%%

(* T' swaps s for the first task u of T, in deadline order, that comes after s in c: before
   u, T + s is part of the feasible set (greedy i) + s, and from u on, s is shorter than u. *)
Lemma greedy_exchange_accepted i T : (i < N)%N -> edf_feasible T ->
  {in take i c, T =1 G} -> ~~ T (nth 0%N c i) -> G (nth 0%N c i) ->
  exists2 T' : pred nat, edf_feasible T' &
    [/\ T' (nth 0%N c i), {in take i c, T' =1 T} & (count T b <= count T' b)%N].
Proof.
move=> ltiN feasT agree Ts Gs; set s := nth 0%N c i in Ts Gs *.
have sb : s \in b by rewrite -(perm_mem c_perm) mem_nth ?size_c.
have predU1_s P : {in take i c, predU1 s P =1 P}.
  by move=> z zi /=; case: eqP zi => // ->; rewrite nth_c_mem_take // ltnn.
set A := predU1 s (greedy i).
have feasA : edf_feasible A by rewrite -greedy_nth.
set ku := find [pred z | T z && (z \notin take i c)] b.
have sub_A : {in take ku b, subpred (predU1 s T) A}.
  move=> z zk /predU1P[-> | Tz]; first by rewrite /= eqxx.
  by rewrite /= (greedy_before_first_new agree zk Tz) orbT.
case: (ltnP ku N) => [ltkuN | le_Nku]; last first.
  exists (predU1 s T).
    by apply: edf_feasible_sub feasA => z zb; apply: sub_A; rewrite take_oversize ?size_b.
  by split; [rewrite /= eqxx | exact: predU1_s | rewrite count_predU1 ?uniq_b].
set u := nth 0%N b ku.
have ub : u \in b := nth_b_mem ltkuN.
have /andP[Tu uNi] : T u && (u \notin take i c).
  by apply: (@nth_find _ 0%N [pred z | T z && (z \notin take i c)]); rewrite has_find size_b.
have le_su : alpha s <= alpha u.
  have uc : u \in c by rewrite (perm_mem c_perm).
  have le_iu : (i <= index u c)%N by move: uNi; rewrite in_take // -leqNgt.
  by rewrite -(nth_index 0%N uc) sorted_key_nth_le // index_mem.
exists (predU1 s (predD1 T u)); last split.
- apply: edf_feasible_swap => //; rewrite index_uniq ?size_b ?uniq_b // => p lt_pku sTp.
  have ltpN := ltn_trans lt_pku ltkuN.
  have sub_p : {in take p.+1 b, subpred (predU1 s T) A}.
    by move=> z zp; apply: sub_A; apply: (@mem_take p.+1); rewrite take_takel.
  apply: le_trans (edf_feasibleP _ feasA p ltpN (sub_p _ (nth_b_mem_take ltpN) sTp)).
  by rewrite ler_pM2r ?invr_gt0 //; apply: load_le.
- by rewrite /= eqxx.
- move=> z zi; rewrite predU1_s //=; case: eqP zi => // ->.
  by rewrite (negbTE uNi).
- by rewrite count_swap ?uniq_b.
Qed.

%%
%%

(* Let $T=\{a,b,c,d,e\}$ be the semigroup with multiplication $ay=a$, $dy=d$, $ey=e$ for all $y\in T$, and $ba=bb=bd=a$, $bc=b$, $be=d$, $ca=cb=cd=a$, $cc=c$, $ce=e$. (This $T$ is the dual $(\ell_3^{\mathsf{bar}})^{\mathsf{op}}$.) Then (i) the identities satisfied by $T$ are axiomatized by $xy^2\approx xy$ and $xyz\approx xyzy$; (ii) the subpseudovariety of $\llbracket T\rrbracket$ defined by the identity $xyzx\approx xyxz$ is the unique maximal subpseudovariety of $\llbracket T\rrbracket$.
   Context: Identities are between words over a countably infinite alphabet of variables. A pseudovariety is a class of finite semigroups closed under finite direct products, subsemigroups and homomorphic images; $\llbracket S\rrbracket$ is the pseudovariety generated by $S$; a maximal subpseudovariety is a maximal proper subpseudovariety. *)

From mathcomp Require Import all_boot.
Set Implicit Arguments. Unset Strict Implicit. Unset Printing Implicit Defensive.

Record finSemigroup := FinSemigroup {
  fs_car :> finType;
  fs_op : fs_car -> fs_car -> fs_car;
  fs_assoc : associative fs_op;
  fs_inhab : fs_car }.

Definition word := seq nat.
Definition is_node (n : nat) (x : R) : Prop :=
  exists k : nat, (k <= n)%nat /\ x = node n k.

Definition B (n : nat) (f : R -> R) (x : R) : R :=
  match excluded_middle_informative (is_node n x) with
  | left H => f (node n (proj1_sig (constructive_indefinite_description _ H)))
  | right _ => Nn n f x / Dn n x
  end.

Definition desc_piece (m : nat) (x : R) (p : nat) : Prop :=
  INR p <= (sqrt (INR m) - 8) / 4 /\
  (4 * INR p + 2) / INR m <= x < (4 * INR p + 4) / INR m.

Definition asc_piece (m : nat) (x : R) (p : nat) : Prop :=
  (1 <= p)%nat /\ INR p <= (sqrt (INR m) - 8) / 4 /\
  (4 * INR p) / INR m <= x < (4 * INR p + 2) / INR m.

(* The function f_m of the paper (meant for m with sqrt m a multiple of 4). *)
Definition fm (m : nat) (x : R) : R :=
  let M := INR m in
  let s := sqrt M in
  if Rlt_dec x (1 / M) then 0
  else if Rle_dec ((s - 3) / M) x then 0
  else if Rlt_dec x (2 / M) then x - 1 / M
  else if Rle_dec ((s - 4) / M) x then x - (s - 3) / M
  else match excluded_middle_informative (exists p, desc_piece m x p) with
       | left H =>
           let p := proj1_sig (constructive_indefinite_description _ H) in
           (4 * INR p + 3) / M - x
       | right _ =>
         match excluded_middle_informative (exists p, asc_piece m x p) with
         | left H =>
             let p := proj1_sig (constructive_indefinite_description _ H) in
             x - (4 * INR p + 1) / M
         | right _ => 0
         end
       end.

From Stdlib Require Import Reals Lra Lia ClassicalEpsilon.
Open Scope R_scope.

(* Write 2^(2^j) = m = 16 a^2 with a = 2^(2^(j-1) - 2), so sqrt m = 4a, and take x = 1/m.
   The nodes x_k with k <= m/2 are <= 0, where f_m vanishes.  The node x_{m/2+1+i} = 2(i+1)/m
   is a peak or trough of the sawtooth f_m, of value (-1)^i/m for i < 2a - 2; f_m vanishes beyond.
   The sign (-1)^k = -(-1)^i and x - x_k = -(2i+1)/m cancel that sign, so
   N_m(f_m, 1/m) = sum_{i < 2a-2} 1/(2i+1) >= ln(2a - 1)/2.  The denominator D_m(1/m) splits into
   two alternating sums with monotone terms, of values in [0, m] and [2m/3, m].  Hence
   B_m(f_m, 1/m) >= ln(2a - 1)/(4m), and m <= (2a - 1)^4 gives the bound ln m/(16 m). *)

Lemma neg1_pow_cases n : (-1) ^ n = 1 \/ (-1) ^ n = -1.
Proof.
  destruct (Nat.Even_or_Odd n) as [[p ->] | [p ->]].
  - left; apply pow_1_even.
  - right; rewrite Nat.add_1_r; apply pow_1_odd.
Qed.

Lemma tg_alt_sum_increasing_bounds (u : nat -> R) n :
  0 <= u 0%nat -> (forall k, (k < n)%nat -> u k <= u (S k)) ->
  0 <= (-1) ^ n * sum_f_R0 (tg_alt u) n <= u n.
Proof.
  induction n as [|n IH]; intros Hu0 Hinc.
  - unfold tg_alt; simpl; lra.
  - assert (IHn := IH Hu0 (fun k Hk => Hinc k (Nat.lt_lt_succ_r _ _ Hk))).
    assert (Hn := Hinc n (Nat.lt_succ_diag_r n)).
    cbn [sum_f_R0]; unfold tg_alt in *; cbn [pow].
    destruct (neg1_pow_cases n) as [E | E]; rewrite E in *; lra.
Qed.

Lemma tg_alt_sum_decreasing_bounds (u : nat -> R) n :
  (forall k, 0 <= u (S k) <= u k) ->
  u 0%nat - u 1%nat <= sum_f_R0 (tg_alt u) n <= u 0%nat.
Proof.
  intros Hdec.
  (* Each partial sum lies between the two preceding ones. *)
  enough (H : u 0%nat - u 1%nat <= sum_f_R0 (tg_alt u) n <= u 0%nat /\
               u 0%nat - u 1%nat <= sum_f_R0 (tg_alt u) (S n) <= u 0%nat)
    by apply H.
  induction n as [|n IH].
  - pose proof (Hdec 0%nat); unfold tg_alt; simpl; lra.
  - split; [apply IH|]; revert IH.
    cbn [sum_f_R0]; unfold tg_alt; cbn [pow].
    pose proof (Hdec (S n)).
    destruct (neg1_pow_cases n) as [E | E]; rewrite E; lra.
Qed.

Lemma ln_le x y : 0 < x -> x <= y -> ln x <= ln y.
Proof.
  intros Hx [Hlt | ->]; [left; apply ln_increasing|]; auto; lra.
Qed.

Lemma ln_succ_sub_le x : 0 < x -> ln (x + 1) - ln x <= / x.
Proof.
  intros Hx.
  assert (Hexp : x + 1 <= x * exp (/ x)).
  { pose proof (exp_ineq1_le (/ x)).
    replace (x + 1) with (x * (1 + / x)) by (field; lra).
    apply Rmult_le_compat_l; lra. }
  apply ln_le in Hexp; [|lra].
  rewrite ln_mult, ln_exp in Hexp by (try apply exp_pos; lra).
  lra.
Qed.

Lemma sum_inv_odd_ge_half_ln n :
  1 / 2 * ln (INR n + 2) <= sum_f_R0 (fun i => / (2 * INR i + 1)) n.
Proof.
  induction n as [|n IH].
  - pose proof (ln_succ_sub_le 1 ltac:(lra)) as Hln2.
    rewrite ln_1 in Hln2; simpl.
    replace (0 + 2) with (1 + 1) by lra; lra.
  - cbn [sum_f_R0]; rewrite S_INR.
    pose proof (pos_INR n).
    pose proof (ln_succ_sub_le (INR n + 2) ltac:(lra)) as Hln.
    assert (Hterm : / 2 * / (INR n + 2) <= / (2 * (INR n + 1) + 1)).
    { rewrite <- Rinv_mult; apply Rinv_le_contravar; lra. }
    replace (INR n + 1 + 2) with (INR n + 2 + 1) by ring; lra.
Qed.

%%

* **What is being asked**
Could you restate, word for word, the lines above from the one with "assert (Hn := Hinc" to the one with "u 0%nat - u 1%nat <= sum_f_R0 (tg_alt u) (S", both included?

* **Final answer**
    assert (Hn := Hinc n (Nat.lt_succ_diag_r n)).
    cbn [sum_f_R0]; unfold tg_alt in *; cbn [pow].
    destruct (neg1_pow_cases n) as [E | E]; rewrite E in *; lra.
Qed.

Lemma tg_alt_sum_decreasing_bounds (u : nat -> R) n :
  (forall k, 0 <= u (S k) <= u k) ->
  u 0%nat - u 1%nat <= sum_f_R0 (tg_alt u) n <= u 0%nat.
Proof.
  intros Hdec.
  (* Each partial sum lies between the two preceding ones. *)
  enough (H : u 0%nat - u 1%nat <= sum_f_R0 (tg_alt u) n <= u 0%nat /\
               u 0%nat - u 1%nat <= sum_f_R0 (tg_alt u) (S n) <= u 0%nat)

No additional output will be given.